BEGIN Data to process
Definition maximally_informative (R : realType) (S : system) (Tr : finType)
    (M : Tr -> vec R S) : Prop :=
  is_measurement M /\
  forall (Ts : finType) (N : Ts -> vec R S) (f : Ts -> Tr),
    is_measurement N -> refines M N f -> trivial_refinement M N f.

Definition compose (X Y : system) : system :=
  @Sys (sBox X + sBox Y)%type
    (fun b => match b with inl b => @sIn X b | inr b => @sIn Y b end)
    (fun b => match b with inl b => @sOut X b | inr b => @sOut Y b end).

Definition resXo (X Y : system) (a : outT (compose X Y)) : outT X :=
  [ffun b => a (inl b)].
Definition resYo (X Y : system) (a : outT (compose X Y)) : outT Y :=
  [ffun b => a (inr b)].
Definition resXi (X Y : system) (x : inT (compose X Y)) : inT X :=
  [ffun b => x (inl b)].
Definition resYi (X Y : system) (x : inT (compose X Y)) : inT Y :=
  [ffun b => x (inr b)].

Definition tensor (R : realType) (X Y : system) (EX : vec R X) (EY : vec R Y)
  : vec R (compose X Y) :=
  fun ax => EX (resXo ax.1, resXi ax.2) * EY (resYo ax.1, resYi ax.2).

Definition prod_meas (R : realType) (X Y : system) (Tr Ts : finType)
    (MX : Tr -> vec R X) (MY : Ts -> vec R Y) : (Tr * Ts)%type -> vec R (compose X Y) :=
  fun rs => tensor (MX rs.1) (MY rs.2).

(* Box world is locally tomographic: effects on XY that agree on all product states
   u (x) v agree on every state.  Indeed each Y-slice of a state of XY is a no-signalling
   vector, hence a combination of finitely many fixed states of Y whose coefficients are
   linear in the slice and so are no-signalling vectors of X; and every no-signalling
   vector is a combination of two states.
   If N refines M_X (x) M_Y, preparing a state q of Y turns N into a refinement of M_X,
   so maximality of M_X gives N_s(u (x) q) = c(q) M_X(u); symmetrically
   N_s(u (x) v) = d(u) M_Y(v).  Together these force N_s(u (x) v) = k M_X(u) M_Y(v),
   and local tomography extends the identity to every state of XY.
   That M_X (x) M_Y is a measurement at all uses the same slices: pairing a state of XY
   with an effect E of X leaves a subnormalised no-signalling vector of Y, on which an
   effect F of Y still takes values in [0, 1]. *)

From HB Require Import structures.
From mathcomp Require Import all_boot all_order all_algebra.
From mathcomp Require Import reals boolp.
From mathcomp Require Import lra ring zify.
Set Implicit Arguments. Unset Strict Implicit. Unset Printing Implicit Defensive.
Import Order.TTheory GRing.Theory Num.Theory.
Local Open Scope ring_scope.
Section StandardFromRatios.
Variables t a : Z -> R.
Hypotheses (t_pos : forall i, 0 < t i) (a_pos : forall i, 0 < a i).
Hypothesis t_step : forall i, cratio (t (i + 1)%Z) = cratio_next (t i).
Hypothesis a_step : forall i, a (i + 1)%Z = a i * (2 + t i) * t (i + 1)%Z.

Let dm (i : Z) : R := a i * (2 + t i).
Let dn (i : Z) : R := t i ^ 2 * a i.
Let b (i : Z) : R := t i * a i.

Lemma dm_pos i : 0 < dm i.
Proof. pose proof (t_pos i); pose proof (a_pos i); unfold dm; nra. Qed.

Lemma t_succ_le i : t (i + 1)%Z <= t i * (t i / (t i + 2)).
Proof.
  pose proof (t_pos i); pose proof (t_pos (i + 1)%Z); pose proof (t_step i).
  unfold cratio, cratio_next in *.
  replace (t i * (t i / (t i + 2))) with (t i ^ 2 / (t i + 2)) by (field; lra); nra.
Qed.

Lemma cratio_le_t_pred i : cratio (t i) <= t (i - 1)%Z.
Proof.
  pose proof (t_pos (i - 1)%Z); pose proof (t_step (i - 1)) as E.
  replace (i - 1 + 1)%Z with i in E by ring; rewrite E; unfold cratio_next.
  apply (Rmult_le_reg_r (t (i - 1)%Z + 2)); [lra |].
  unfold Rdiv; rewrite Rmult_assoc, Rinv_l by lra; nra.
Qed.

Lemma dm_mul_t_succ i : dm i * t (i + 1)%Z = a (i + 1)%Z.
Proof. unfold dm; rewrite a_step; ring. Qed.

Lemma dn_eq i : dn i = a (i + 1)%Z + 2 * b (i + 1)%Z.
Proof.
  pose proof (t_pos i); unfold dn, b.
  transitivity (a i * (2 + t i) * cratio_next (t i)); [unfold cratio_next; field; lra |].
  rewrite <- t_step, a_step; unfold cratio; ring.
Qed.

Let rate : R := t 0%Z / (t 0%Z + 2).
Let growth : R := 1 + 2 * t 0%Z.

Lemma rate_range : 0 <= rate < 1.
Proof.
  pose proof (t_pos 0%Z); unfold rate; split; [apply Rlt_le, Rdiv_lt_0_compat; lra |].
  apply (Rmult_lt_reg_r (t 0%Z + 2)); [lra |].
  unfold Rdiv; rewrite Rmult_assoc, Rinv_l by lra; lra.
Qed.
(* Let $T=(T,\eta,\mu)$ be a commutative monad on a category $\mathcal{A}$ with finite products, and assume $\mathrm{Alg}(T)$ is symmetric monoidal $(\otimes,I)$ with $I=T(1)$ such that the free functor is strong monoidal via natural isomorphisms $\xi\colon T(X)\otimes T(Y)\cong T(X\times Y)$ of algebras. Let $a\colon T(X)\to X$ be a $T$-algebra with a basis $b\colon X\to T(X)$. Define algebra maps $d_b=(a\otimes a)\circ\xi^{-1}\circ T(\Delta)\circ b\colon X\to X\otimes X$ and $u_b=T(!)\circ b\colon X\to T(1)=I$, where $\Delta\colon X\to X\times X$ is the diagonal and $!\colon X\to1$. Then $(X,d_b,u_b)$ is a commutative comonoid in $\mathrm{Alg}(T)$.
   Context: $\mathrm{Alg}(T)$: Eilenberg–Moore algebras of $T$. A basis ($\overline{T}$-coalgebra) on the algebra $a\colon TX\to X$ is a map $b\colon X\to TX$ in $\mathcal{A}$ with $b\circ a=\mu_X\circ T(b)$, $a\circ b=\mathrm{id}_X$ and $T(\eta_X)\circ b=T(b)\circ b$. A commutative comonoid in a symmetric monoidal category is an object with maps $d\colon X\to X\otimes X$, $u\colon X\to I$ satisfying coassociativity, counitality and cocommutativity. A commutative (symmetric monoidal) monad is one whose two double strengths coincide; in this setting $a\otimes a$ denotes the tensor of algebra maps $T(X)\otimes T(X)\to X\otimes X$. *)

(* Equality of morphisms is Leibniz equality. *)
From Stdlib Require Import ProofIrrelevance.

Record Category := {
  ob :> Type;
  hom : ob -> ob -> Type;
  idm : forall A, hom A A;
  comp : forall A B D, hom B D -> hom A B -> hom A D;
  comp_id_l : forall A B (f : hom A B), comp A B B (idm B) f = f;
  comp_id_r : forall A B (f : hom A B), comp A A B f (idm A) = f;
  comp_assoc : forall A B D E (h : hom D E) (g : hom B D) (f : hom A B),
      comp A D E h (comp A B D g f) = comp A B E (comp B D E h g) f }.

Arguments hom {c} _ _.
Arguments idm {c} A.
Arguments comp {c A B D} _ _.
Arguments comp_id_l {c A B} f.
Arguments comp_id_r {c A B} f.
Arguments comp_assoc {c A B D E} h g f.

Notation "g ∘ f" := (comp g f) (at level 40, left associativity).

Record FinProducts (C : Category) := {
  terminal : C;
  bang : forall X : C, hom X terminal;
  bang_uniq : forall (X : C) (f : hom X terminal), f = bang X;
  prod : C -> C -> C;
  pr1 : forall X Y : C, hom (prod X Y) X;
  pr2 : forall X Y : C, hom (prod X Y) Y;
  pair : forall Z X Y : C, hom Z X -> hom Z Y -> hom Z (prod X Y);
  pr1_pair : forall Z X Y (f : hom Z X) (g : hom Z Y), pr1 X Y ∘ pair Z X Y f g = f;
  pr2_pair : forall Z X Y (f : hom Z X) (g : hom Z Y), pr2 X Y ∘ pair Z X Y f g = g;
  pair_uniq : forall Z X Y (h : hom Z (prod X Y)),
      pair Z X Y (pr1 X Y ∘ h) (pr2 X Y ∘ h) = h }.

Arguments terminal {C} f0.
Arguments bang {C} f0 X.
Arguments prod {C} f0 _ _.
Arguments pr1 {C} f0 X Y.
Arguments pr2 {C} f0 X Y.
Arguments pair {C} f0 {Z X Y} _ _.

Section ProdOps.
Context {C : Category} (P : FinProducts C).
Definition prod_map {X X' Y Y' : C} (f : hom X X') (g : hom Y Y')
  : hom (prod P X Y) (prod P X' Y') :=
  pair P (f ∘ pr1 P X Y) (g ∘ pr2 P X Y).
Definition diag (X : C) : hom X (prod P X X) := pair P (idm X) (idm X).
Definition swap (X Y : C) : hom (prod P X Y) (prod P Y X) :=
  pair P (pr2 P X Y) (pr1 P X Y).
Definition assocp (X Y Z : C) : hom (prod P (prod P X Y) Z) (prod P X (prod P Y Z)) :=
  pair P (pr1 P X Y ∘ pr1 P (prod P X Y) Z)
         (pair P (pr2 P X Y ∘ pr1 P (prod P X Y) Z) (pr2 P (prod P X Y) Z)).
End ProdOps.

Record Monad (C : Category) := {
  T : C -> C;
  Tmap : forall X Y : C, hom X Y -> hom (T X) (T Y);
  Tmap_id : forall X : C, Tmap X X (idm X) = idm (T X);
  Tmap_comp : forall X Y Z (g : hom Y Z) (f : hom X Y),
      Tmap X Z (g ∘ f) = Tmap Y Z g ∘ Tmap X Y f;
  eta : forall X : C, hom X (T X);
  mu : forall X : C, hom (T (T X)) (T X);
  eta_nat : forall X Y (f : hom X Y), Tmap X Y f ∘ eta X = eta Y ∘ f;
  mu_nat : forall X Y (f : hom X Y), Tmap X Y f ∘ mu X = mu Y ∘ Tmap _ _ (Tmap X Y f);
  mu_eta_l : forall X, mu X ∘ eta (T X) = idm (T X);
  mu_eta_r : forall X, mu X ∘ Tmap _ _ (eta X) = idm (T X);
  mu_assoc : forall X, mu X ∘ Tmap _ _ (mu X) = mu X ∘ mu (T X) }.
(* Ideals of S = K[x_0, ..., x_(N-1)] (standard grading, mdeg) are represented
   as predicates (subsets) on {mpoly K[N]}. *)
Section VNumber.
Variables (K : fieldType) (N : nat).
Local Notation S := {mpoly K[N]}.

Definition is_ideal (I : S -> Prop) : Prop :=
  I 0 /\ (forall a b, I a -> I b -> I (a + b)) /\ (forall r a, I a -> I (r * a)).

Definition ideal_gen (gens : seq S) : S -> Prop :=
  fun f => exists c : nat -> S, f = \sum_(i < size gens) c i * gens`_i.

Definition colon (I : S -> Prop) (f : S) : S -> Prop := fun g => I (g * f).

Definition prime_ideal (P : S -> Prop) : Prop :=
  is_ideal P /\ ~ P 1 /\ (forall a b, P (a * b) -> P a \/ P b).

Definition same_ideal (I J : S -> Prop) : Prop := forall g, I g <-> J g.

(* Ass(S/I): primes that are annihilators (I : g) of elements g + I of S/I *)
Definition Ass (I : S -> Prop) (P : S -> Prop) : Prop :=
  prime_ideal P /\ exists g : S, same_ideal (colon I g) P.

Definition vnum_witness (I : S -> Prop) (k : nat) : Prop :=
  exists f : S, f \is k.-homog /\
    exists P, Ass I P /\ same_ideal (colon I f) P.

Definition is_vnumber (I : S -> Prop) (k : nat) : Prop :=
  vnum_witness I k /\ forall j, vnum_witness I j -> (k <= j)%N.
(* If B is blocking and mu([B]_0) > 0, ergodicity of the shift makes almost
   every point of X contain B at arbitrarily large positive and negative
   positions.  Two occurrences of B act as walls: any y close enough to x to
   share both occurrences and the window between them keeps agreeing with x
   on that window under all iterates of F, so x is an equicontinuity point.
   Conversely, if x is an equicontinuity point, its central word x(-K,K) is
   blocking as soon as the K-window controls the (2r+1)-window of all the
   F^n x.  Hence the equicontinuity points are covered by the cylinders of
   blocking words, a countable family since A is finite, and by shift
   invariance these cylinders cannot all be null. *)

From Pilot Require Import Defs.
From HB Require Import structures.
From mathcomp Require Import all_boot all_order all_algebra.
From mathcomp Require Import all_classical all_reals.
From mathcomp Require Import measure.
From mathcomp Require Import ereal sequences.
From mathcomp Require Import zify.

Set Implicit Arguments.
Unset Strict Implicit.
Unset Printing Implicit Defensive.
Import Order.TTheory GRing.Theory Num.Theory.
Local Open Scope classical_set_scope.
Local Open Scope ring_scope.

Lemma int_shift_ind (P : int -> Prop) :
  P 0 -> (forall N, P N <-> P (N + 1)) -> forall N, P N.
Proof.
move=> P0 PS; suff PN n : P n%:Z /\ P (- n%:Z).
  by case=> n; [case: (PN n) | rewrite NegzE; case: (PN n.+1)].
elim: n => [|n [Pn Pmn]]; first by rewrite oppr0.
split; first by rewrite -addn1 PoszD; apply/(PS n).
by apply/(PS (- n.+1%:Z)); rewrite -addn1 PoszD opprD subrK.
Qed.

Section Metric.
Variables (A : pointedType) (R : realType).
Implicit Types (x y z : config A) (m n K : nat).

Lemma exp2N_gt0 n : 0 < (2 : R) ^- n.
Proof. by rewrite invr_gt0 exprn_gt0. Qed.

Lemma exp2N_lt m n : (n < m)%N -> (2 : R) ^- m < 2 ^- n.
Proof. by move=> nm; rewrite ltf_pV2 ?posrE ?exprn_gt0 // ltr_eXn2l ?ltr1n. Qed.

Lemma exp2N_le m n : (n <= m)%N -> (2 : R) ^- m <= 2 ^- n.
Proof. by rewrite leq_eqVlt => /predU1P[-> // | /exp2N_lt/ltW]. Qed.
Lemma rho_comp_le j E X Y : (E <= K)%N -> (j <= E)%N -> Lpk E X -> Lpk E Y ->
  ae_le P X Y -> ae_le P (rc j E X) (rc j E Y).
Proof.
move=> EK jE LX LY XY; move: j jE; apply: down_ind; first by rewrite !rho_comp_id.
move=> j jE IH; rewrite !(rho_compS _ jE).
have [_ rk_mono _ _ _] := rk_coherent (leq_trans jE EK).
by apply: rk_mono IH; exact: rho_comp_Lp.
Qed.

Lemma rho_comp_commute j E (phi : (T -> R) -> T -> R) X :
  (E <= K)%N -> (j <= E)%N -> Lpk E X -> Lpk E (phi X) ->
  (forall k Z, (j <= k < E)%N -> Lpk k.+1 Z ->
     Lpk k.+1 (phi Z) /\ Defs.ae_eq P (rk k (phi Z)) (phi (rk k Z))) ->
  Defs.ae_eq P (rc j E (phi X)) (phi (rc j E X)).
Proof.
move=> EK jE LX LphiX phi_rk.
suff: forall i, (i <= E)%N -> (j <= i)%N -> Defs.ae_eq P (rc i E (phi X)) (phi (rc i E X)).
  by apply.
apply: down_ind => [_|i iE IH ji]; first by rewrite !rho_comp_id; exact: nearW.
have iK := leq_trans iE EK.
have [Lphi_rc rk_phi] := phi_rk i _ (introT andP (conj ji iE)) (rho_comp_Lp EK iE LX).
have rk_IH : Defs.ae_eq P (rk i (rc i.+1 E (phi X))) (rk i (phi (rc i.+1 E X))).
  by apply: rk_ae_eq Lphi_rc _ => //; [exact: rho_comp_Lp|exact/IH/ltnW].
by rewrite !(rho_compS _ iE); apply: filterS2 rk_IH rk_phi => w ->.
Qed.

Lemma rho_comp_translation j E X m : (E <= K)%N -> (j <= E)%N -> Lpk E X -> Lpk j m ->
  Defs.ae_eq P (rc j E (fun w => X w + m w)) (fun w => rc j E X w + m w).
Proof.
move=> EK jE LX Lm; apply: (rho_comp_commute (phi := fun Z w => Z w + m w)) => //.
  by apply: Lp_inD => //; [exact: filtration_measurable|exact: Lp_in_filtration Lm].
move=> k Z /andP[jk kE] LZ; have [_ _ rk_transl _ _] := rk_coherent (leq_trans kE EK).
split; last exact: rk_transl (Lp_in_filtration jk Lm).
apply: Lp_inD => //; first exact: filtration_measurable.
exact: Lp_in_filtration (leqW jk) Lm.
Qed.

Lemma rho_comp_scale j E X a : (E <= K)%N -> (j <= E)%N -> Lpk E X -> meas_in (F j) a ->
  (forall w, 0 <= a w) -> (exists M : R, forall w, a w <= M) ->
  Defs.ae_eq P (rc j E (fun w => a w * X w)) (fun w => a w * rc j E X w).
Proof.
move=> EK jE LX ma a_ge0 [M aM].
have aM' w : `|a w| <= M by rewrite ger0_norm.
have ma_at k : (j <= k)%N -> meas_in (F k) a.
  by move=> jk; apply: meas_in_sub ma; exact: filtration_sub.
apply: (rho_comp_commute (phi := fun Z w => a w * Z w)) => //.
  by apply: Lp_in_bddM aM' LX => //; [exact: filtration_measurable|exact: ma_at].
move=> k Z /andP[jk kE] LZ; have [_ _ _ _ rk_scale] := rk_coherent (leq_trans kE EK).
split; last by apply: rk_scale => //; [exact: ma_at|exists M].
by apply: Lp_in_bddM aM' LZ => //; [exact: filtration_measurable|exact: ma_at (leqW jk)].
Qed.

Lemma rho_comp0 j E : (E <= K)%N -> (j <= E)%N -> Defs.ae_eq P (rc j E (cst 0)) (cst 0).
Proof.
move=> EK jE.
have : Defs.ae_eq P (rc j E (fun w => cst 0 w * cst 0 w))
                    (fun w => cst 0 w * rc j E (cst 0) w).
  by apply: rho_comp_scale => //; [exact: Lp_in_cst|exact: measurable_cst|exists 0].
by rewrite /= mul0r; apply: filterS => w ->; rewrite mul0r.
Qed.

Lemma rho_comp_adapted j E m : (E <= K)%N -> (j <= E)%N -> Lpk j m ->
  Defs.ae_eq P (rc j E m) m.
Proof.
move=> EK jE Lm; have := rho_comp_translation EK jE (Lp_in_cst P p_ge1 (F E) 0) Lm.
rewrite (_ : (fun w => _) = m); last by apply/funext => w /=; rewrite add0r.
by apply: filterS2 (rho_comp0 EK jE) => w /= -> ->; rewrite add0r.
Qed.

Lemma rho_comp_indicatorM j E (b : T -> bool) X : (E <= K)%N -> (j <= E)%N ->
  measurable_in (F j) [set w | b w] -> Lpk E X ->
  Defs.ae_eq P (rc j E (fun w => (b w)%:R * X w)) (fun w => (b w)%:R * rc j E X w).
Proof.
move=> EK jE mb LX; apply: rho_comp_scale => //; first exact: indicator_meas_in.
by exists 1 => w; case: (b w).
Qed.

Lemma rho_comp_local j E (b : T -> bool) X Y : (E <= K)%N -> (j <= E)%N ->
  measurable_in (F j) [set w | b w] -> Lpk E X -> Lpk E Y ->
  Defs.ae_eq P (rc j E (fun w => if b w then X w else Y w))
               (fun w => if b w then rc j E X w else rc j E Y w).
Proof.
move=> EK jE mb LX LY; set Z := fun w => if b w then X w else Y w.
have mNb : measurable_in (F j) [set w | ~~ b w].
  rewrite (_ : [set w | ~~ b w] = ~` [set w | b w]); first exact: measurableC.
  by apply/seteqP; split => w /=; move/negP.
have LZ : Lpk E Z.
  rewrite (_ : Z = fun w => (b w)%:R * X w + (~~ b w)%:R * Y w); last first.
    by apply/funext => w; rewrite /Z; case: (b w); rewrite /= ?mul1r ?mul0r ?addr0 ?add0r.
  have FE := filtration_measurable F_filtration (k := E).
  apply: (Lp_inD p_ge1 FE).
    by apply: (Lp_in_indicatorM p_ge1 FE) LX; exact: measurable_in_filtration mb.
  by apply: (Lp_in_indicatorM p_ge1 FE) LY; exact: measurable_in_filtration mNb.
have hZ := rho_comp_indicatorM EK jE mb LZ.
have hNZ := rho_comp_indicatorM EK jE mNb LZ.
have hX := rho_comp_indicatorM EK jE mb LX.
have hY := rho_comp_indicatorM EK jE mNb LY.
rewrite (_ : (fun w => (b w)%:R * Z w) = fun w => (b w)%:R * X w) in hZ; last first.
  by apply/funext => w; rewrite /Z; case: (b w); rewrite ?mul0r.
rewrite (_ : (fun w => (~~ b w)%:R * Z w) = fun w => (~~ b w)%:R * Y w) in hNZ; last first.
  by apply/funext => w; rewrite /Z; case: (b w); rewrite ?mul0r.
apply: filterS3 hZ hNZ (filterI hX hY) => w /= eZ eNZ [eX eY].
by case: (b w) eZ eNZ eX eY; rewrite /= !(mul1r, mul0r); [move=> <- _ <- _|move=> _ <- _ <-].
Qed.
END Data to process
### What you have to do
Give again, exactly as written, the lines running from the first line of the data above through the line that contains "That M_X (x)".

### Response for this exercise
Definition maximally_informative (R : realType) (S : system) (Tr : finType)
    (M : Tr -> vec R S) : Prop :=
  is_measurement M /\
  forall (Ts : finType) (N : Ts -> vec R S) (f : Ts -> Tr),
    is_measurement N -> refines M N f -> trivial_refinement M N f.

Definition compose (X Y : system) : system :=
  @Sys (sBox X + sBox Y)%type
    (fun b => match b with inl b => @sIn X b | inr b => @sIn Y b end)
    (fun b => match b with inl b => @sOut X b | inr b => @sOut Y b end).

Definition resXo (X Y : system) (a : outT (compose X Y)) : outT X :=
  [ffun b => a (inl b)].
Definition resYo (X Y : system) (a : outT (compose X Y)) : outT Y :=
  [ffun b => a (inr b)].
Definition resXi (X Y : system) (x : inT (compose X Y)) : inT X :=
  [ffun b => x (inl b)].
Definition resYi (X Y : system) (x : inT (compose X Y)) : inT Y :=
  [ffun b => x (inr b)].

Definition tensor (R : realType) (X Y : system) (EX : vec R X) (EY : vec R Y)
  : vec R (compose X Y) :=
  fun ax => EX (resXo ax.1, resXi ax.2) * EY (resYo ax.1, resYi ax.2).

Definition prod_meas (R : realType) (X Y : system) (Tr Ts : finType)
    (MX : Tr -> vec R X) (MY : Ts -> vec R Y) : (Tr * Ts)%type -> vec R (compose X Y) :=
  fun rs => tensor (MX rs.1) (MY rs.2).

(* Box world is locally tomographic: effects on XY that agree on all product states
   u (x) v agree on every state.  Indeed each Y-slice of a state of XY is a no-signalling
   vector, hence a combination of finitely many fixed states of Y whose coefficients are
   linear in the slice and so are no-signalling vectors of X; and every no-signalling
   vector is a combination of two states.
   If N refines M_X (x) M_Y, preparing a state q of Y turns N into a refinement of M_X,
   so maximality of M_X gives N_s(u (x) q) = c(q) M_X(u); symmetrically
   N_s(u (x) v) = d(u) M_Y(v).  Together these force N_s(u (x) v) = k M_X(u) M_Y(v),
   and local tomography extends the identity to every state of XY.
   That M_X (x) M_Y is a measurement at all uses the same slices: pairing a state of XY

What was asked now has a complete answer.